May your dreams comfort and disturb you in this season.

Gratitude List:
1. The quietly enfolding darkness
2. Dreams.  Quiet.  Waiting.
3. Good counsel.  I am not alone.
4. Prayer.  Praying.  Inter-cession: being “yielded between.”
5. Looking backward.  Looking forward.  Looking inward and outward.  Up and down.  How many ways can I examine the space around me?

May we walk in the light of the stars.

Radical Hospitality

2013 December 105
Today is the anniversary of the day when the Paxtang Boys rode in the pre-dawn hours through the last remaining Susquehannock village in Conestoga, PA, and massacred most of the remaining people of the tribe, a quiet group including elderly residents and children.  Fear of the Other, coupled with bombastic and unreasoning rhetoric, turned a group of citizens into a murderous mob.  

In recent weeks, I have heard bombastic and hateful rhetoric toward the perceived Other spewed from national pulpits.  The mob gathers.  In what ways will you and I work in these days to diffuse and redirect the rhetoric, and to offer hopeful and peaceful responses?

Gratitude List:
1. Synchronicity piled upon synchronicity–feels like messages.  Yesterday morning at church, I picked up and read the introduction to a little book titled Radical Hospitality.  It’s about the Benedictine Rule.  After lunch, my father gave me a copy of the John McQuiston book Always We Begin Again, about the Benedictine Rule.  This morning’s Advent Reading is titled “Radical Hospitality.”  I think I ought to be spending some time with St.
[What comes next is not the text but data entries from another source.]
Lemma sum_prim_root_prime_eq0 (K : numFieldType) (z : K) (c : 'I_p -> int) :
  p.-primitive_root z -> \sum_(k < p) (c k)%:~R * z ^+ k = 0 -> forall k l, c k = c l.
Proof.
move=> z_prim sum0 k l.
pose q : {poly rat} := \poly_(i < p) (c (insubd k i))%:~R.
have q_coef (i : 'I_p) : q`_i = (c i)%:~R by rewrite coef_poly ltn_ord valKd.
have /dvdpP [d q_eq] : cyclo_prime %| q.
  apply: (cyclo_prime_dvdp z_prim).
  rewrite /root (horner_coef_wide (n := p)) ?size_map_poly ?size_poly //.
  rewrite -[X in _ == X]sum0; apply/eqP; apply: eq_bigr => i _.
  by rewrite coef_map /= q_coef ratr_int.
have d_size : (size d <= 1)%N.
  have [-> | d_neq0] := eqVneq d 0; first by rewrite size_poly0.
  have := size_poly p (fun i => (c (insubd k i))%:~R : rat); rewrite -/q q_eq.
  rewrite size_mul ?cyclo_prime_neq0 // size_cyclo_prime -subn1.
  by have := prime_gt0 p_prime; move: (size d) => s; lia.
apply/eqP; rewrite -(eqr_int rat) -!q_coef q_eq (size1_polyC d_size) !coefCM.
by rewrite !coef_poly !ltn_ord.
Qed.

End PrimeCyclotomic.

Section PerfectStateTransfer.
Variable R : realType.

Definition omega n : R[i] := cis (pi *+ 2 / n%:R).

Lemma omega_prim n : n.+1.-primitive_root (omega n.+1).
Proof.
have n1_neq0 : n.+1%:R != 0 :> R by rewrite pnatr_eq0.
have theta_n : pi *+ 2 / n.+1%:R *+ n.+1 = pi *+ 2 :> R.
  by rewrite -mulrnAr -[_^-1 *+ _]mulr_natr mulVf // mulr1.
have omega_n : omega n.+1 ^+ n.+1 = 1.
  by rewrite /omega cisXn theta_n /cis cos2pi sin2pi.
have [m m_prim m_dvd] := prim_order_exists (ltn0Sn n) omega_n.
suff n_dvd_m : (n.+1 %| m)%N.
  have /eqP m_eq : m == n.+1 by rewrite eqn_dvd m_dvd.
  by rewrite m_eq in m_prim.
have := prim_expr_order m_prim; rewrite /omega cisXn => /cis_eq1 [k].
rewrite -mulrnAr => /(mulfI (@pi2_neq0 R)) /(congr1 ( *%R n.+1%:R)).
rewrite mulrnAr mulfV // => m_eq.
have /intr_inj : (m%:Z%:~R : R) = (n.+1%:Z * k)%:~R by rewrite intrM; exact: m_eq.
by move=> mk; apply/dvdnP; exists `|k|%N; lia.
Qed.

Lemma norm_sum_omega_cis_eq1 n (v : 'I_n.+1) (mu : 'I_n.+1 -> R) :
  `|\sum_(k < n.+1) omega n.+1 ^+ (v * k) / n.+1%:R * cis (- mu k)| = 1 ->
  exists m : 'I_n.+1 -> int, forall k,
    mu k - mu 0 = pi *+ 2 / n.+1%:R *+ (v * k) - pi *+ 2 * (m k)%:~R.
Proof.
set F := fun k : 'I_n.+1 => omega n.+1 ^+ (v * k) / n.+1%:R * cis (- mu k).
move=> norm_sum.
have n1_neq0 : n.+1%:R != 0 :> R[i] by rewrite pnatr_eq0.
have normF k : `|F k| = n.+1%:R^-1.
  by rewrite /F !normrM normfV normrX norm_cis expr1n normr_nat norm_cis mulr1 div1r.
have norm_sumE : `|\sum_k F k| = \sum_k `|F k|.
  rewrite norm_sum (eq_bigr _ (fun k _ => normF k)) sumr_const card_ord.
  by rewrite -[_ *+ _]mulr_natr mulVf.
have [tau _ F_tau] := normC_sum_eq norm_sumE.
have F_eq (k : 'I_n.+1) : omega n.+1 ^+ (v * k) * cis (- mu k) = cis (- mu 0).
  have : F k = F 0 by rewrite (F_tau k isT) (F_tau 0 isT) !normF.
  rewrite /F muln0 expr0 mul1r mulrAC [RHS]mulrC.
  by move/(mulIf (invr_neq0 n1_neq0)).
suff /choice [m m_eq] : forall k : 'I_n.+1, exists m : int,
    mu k - mu 0 = pi *+ 2 / n.+1%:R *+ (v * k) - pi *+ 2 * m%:~R by exists m.
move=> k; have [m m_eq] : exists m : int,
    pi *+ 2 / n.+1%:R *+ (v * k) - mu k + mu 0 = pi *+ 2 * m%:~R.
  by apply: cis_eq1; rewrite !cisD -cisXn F_eq -cisD addNr cis0.
by exists m; rewrite -m_eq; ring.
Qed.

Lemma pst_circ_phases n (a : 'I_n.+1 -> R[i]) (v : 'I_n.+1) :
  hermitian_mx (circ a) -> pst (circ a) 0 v ->
  exists (t : R) (m : 'I_n.+1 -> int), forall k,
    t%:C * (circ_eigval (omega n.+1) a k - circ_eigval (omega n.+1) a 0) =
    (pi *+ 2 / n.+1%:R)%:C * ((v * k)%N%:Z - n.+1%:Z * m k)%:~R.
Proof.
move=> a_herm [t [_ pst_t]]; exists t.
have w_prim := omega_prim n; set w := omega n.+1 in w_prim pst_t *.
set mu := fun k => t * complex.Re (circ_eigval w a k).
have [m mu_eq] : exists m : 'I_n.+1 -> int, forall k,
    mu k - mu 0 = pi *+ 2 / n.+1%:R *+ (v * k) - pi *+ 2 * (m k)%:~R.
  apply: norm_sum_omega_cis_eq1; move: pst_t; rewrite (expm_iAt_circ w_prim a_herm).
  by under eq_bigr do rewrite mul0n expr0 divr1; exact: id.
exists m => k; rewrite (circ_eigval_real w_prim a_herm k).
rewrite (circ_eigval_real w_prim a_herm 0) -rmorphB.
rewrite -rmorphM -(rmorph_int (real_complex R)) -rmorphM /= mulrBr -/(mu k) -/(mu 0).
rewrite mu_eq intrB intrM; congr Complex.
by field; rewrite nat1r pnatr_eq0.
Qed.

Lemma pst_circ_coef_neq0 n (a : 'I_n.+1 -> R[i]) (v j : 'I_n.+1) :
  prime n.+1 -> hermitian_mx (circ a) -> pst (circ a) 0 v -> v != 0 -> j != 0 ->
  a j != 0.
Proof.
move=> p_prime a_herm pst_v v_neq0 j_neq0; apply/eqP => aj0.
have [t [m phase]] := pst_circ_phases a_herm pst_v.
have w_prim := omega_prim n; set w := omega n.+1 in w_prim phase.
set zeta := (w ^+ j)^-1.
have zeta_prim : n.+1.-primitive_root zeta.
  apply: prime_prim_root => //.
    by rewrite exprVn -exprM mulnC exprM (prim_expr_order w_prim) expr1n invr1.
  by rewrite invr_eq1 -(prim_order_dvd w_prim) /dvdn modn_small.
set c := fun k : 'I_n.+1 => ((v * k)%N%:Z - n.+1%:Z * m k)%R.
have sum_c : \sum_(k < n.+1) (c k)%:~R * zeta ^+ k = 0.
  have theta_neq0 : (pi *+ 2 / n.+1%:R)%:C != 0 :> R[i].
    by rewrite eq_complex /= negb_and mulf_neq0 ?invr_eq0 ?pnatr_eq0 ?pi2_neq0.
  apply: (mulfI theta_neq0); rewrite mulr0.
  transitivity (t%:C *
    \sum_(k < n.+1) (circ_eigval w a k - circ_eigval w a 0) / w ^+ (j * k)).
    rewrite !mulr_sumr; apply: eq_bigr => k _.
    by rewrite /c !mulrA -phase /zeta exprVn -exprM.
  by rewrite sum_circ_eigval_sub_div // mulr0.
move: (sum_prim_root_prime_eq0 p_prime zeta_prim sum_c 0 (Ordinal (prime_gt1 p_prime))).
rewrite /c /= muln0 muln1.
have v_gt0 : (0 < v)%N by rewrite lt0n.
move: v_gt0 (ltn_ord v); move: (m 0) (m (Ordinal _)) (nat_of_ord v) => x y u.
by case: (lerP (y - x) 0) => ? ? ? ?; nia.
Qed.

End PerfectStateTransfer.

Theorem lemma4 (R : realType) (p : nat) (a : 'I_p -> R[i]) :
  prime p ->
  hermitian_mx (circ a) ->
  universal_pst (circ a) ->
  forall j : 'I_p, (0 < j)%N -> a j != 0.
Proof.
case: p a => [|n] a p_prime; first by [].
move=> a_herm a_upst j j_gt0.
have v_neq0 : Ordinal (prime_gt1 p_prime) != 0 by [].
apply: (pst_circ_coef_neq0 p_prime a_herm (a_upst 0 _) v_neq0).
by rewrite -lt0n.
Qed.
(* The Lebesgue measure $\mu$ of the set $\{xy : x,y\in C\}$ satisfies $\mu(\{xy : x,y\in C\}) \ge \tfrac{17}{21}$.
   Context: $C=\{\sum_{k\ge1}\alpha_k3^{-k}:\alpha_k\in\{0,2\}\}$ is the middle-thirds Cantor set. *)

From HB Require Import structures.
From mathcomp Require Import all_boot all_order all_algebra.
From mathcomp Require Import all_classical all_reals all_analysis.
Set Implicit Arguments. Unset Strict Implicit. Unset Printing Implicit Defensive.
Import Order.TTheory GRing.Theory Num.Theory numFieldNormedType.Exports.
Local Open Scope classical_set_scope.
Local Open Scope ring_scope.

(* Middle-thirds Cantor set: { sum_{k>=1} alpha_k 3^{-k} : alpha_k in {0,2} }.
   The digit sequence is alpha : nat -> bool, with alpha k (k >= 0) encoding
   the digit alpha_{k+1} = 2 (if true) or 0 (if false); x is the sum of the
   series, i.e. the limit of its partial sums. *)
Definition cantor_digit_sum (R : realType) (alpha : nat -> bool) : nat -> R :=
  fun n => \sum_(0 <= k < n) ((alpha k)%:R * 2) / 3 ^+ k.+1.

Definition middle_third_cantor (R : realType) : set R :=
  [set c : R | exists alpha : nat -> bool, @cantor_digit_sum R alpha n @[n --> \oo] --> c].

Definition cantor_product_set (R : realType) : set R :=
  [set z | exists x y, @middle_third_cantor R x /\ @middle_third_cantor R y /\ z = x * y].

From HB Require Import structures.
From mathcomp Require Import all_boot all_order all_algebra.
From mathcomp Require Import all_classical all_reals all_analysis.
From mathcomp Require Import ring lra measurable_realfun.
Import Order.TTheory GRing.Theory Num.Theory numFieldNormedType.Exports.
Local Open Scope classical_set_scope.
Local Open Scope ring_scope.
Set Implicit Arguments. Unset Strict Implicit. Unset Printing Implicit Defensive.

(* C*C is the continuous image of the compact space of pairs of digit
   sequences, hence compact and measurable.  For the measure, a greedy choice
   of ternary digits shows that every w in [[ab, (a+1)(b+1)]] is a product
   (a + x)(b + y) with x, y in C as soon as a + 1 <= b <= 3a - 1.  Applied to
   the off-diagonal sub-squares of a square of level intervals
   [[p, p+1]/3^k1 x [p, p+1]/3^k2], this covers [[p^2, (p+1)^2]/3^(k1+k2)]
   except for one gap of relative length 1/9 and the two diagonal
   sub-squares, on which one recurses.  Along [[0, 1]] the uncovered part then
   has measure at most 3/2 (1/9 + 1/63) = 4/21, up to terms that vanish with
   the recursion depth. *)

Lemma exists_expr_lt (R : realType) (q e : R) :
  0 <= q < 1 -> 0 < e -> exists n, q ^+ n < e.
Proof.
move=> /andP[q0 q1] e0; have nq1 : `|q| < 1 by rewrite ger0_norm.
have /cvgrPdist_lt/(_ e e0)[N _ hN] := cvg_expr nq1.
by exists N; have := hN N (leqnn N); rewrite sub0r normrN ger0_norm // exprn_ge0.
Qed.

Section CantorPoint.
Variable R : realType.
Implicit Types (a : nat -> bool) (n m : nat).

Local Notation S := (cantor_digit_sum R).

Lemma cantor_digit_sum0 a : S a 0 = 0.
Proof. by rewrite /cantor_digit_sum big_geq. Qed.

Lemma cantor_digit_sumS a n : S a n.+1 = S a n + (a n)%:R * 2 / 3 ^+ n.+1.
Proof. by rewrite /cantor_digit_sum big_nat_recr. Qed.

Lemma nondecreasing_cantor_digit_sum a : {homo S a : n m / (n <= m)%N >-> n <= m}.
Proof.
apply/nondecreasing_seqP => n; rewrite cantor_digit_sumS lerDl.
by case: (a n); rewrite ?mul0r // mul1r divr_ge0 // exprn_ge0.
Qed.

(* A digit [2] at place [n.+1] contributes exactly the [3^-(n+1)] that the
   remaining tail could still add, so [S a n + 3^-n] is nonincreasing. *)
Lemma cantor_digit_sum_tail a n m : (n <= m)%N ->
  S a m + (3 ^+ m)^-1 <= S a n + (3 ^+ n)^-1.
Proof.
elim: m => [|m IH]; first by rewrite leqn0 => /eqP ->.
rewrite leq_eqVlt => /orP[/eqP -> //|/IH]; apply: le_trans.
have e0 : (0 : R) < (3 ^+ m)^-1 by rewrite invr_gt0 exprn_gt0.
rewrite cantor_digit_sumS -addrA lerD2l exprS invfM.
by case: (a m) => /=; rewrite ?mul0r ?mul1r; lra.
Qed.

Lemma cantor_digit_sum_le a n m : S a m <= S a n + (3 ^+ n)^-1.
Proof.
have e0 k : (0 : R) <= (3 ^+ k)^-1 by rewrite invr_ge0 exprn_ge0.
case: (leqP n m) => [nm|/ltnW mn].
  by apply: le_trans (cantor_digit_sum_tail a nm); rewrite lerDl.
by apply: le_trans (nondecreasing_cantor_digit_sum a mn) _; rewrite lerDl.
Qed.

Lemma cvgn_cantor_digit_sum a : cvgn (S a).
Proof.
apply: nondecreasing_is_cvgn; first exact: nondecreasing_cantor_digit_sum.
exists 1 => _ [m _ <-].
by have := cantor_digit_sum_le a 0 m; rewrite cantor_digit_sum0 expr0 invr1 add0r.
Qed.

Definition cantor_point a : R := limn (S a).

Lemma cantor_digit_sum_le_point a n : S a n <= cantor_point a.
Proof.
apply: nondecreasing_cvgn_le; first exact: nondecreasing_cantor_digit_sum.
exact: cvgn_cantor_digit_sum.
Qed.

Lemma cantor_point_le a n : cantor_point a <= S a n + (3 ^+ n)^-1.
Proof.
apply: limr_le; first exact: cvgn_cantor_digit_sum.
by apply: nearW => m; exact: cantor_digit_sum_le.
Qed.

Lemma cantor_pointP x : middle_third_cantor x <-> exists a, x = cantor_point a.
Proof.
split=> [[a ha]|[a ->]]; last by exists a; exact: cvgn_cantor_digit_sum.
by exists a; rewrite /cantor_point (cvg_lim _ ha).
Qed.

Lemma middle_third_cantor_point a : middle_third_cantor (cantor_point a).
Proof. by apply/cantor_pointP; exists a. Qed.

Definition cons_digit (b : bool) a : nat -> bool :=
  fun n => if n is k.+1 then a k else b.

Lemma cantor_digit_sum_cons b a n :
  S (cons_digit b a) n.+1 = (b%:R * 2 + S a n) / 3.
Proof.
elim: n => [|n IH]; first by rewrite cantor_digit_sumS !cantor_digit_sum0 add0r addr0.
have h3 : (3 ^+ n.+1 : R) != 0 by rewrite expf_neq0.
by rewrite cantor_digit_sumS IH cantor_digit_sumS /= [3 ^+ n.+2]exprS; field.
Qed.

Lemma cantor_point_cons b a :
  cantor_point (cons_digit b a) = (b%:R * 2 + cantor_point a) / 3.
Proof.
apply: cvg_lim => //; rewrite -cvg_shiftS.
under eq_fun do rewrite /= cantor_digit_sum_cons.
by apply: cvgMl; apply: cvgD; [exact: cvg_cst|exact: cvgn_cantor_digit_sum].
Qed.

Lemma middle_third_cantor_digit (b : bool) c :
  middle_third_cantor c -> middle_third_cantor ((b%:R * 2 + c) / 3 : R).
Proof.
move=> /cantor_pointP[a ->]; rewrite -cantor_point_cons.
exact: middle_third_cantor_point.
Qed.

Lemma eq_cantor_digit_sum a a' n : (forall i, (i < n)%N -> a i = a' i) ->
  S a n = S a' n.
Proof. by move=> h; apply: eq_big_nat => i /andP[_ /h ->]. Qed.

Lemma cantor_point_dist a a' n : (forall i, (i < n)%N -> a i = a' i) ->
  `|cantor_point a - cantor_point a'| <= (3 ^+ n)^-1.
Proof.
move=> /eq_cantor_digit_sum eqS; rewrite ler_norml.
have := cantor_digit_sum_le_point a n; have := cantor_point_le a n.
have := cantor_digit_sum_le_point a' n; have := cantor_point_le a' n.
rewrite eqS; lra.
Qed.

End CantorPoint.

Lemma near_prefix (a : cantor_space) n :
  \forall a' \near a, forall i, (i < n)%N -> a i = a' i.
Proof.
elim: n => [|n IH]; first by near=> a' => ?; rewrite ltn0.
near=> a' => i; rewrite ltnS leq_eqVlt => /orP[/eqP->|ltin]; last by rewrite (near IH a').
near: a'; exists (proj n @^-1` [set a n]); split => //.
suff : @open cantor_space (proj n @^-1` [set a n]) by [].
by apply: open_comp; [move=> + _; exact: proj_continuous|exact: discrete_open].
Unshelve. all: end_near. Qed.

Lemma continuous_cantor_point (R : realType) :
  continuous (cantor_point R : cantor_space -> R).
Proof.
move=> a; apply/cvgrPdist_le => e e0.
have [n ne] : exists n, (3 ^-1) ^+ n < e by apply: exists_expr_lt; lra.
rewrite exprVn in ne.
near=> a'; apply: le_trans (ltW ne); apply: cantor_point_dist.
by near: a'; exact: near_prefix.
Unshelve. all: end_near. Qed.

Lemma cantor_product_setE (R : realType) : @cantor_product_set R =
  (fun p : cantor_space * cantor_space => cantor_point R p.1 * cantor_point R p.2) @` setT.
Proof.
apply/seteqP; split=> z.
  by case=> x [y [/cantor_pointP[a ->] [/cantor_pointP[b ->] ->]]]; exists (a, b).
case=> -[a b] _ <-; exists (cantor_point R a), (cantor_point R b).
by do ![split] => //; exact: middle_third_cantor_point.
Qed.

Lemma measurable_cantor_product_set (R : realType) :
  measurable (@cantor_product_set R).
Proof.
apply: compact_measurable; rewrite cantor_product_setE.
apply: continuous_compact; last by rewrite -setXTT; apply: compact_setX; exact: cantor_space_compact.
apply: continuous_subspaceT => p; apply: cvgM.
  apply: (@continuous_comp _ _ _ fst (fun a : cantor_space => cantor_point R a)); first exact: cvg_fst.
  exact: continuous_cantor_point.
apply: (@continuous_comp _ _ _ snd (fun a : cantor_space => cantor_point R a)); first exact: cvg_snd.
exact: continuous_cantor_point.
Qed.

Section CantorCopy.
Variable R : realType.

(* [(u + C) / 3^k ⊆ C]: for an integer [u], the level-[k] interval
   [[u / 3^k, (u + 1) / 3^k]] of the construction of [C]. *)
Definition cantor_copy (k : nat) (u : R) : Prop :=
  forall c, middle_third_cantor c -> middle_third_cantor ((u + c) / 3 ^+ k).

Lemma cantor_copy_mul3 k u : cantor_copy k u -> cantor_copy k.+1 (3 * u).
Proof.
move=> h c /(middle_third_cantor_digit false) /h; rewrite mul0r add0r.
have h3 : (3 ^+ k : R) != 0 by rewrite expf_neq0.
by congr middle_third_cantor; rewrite exprS; field.
Qed.

Lemma cantor_copy_mul3D2 k u : cantor_copy k u -> cantor_copy k.+1 (3 * u + 2).
Proof.
move=> h c /(middle_third_cantor_digit true) /h; rewrite mul1r.
have h3 : (3 ^+ k : R) != 0 by rewrite expf_neq0.
by congr middle_third_cantor; rewrite exprS; field.
Qed.

Lemma cantor_copy0 k : cantor_copy k 0.
Proof.
elim: k => [c|k /cantor_copy_mul3]; last by rewrite mulr0.
by rewrite add0r expr0 divr1.
Qed.

Lemma cantor_copy2 k : cantor_copy k.+1 2.
Proof. by have := cantor_copy_mul3D2 (cantor_copy0 k); rewrite mulr0 add0r. Qed.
Benedict this week.
2. Feeling good.  Throughout the day yesterday, I began to feel sicker and sicker.  I had a low fever in the late afternoon and almost called my principal to get me a sub for today, but I just couldn’t bear the thought of another sick day.  I feel much better this morning.  It was just a quick little bug.
3. Citrus.  Tangerines and grapefruit.
4. All the people who are working for justice and peace in the world.  We can respond to the mob with reason and compassion and tenderness.  Repeating history does not have to be an inevitability.  The Paxtang boys do not need to ride again.
5. The light will return.  The light will return.  (It is so dark, but) the light will return.

May we walk in Beauty, in Shalom, in Salaam, in Peace.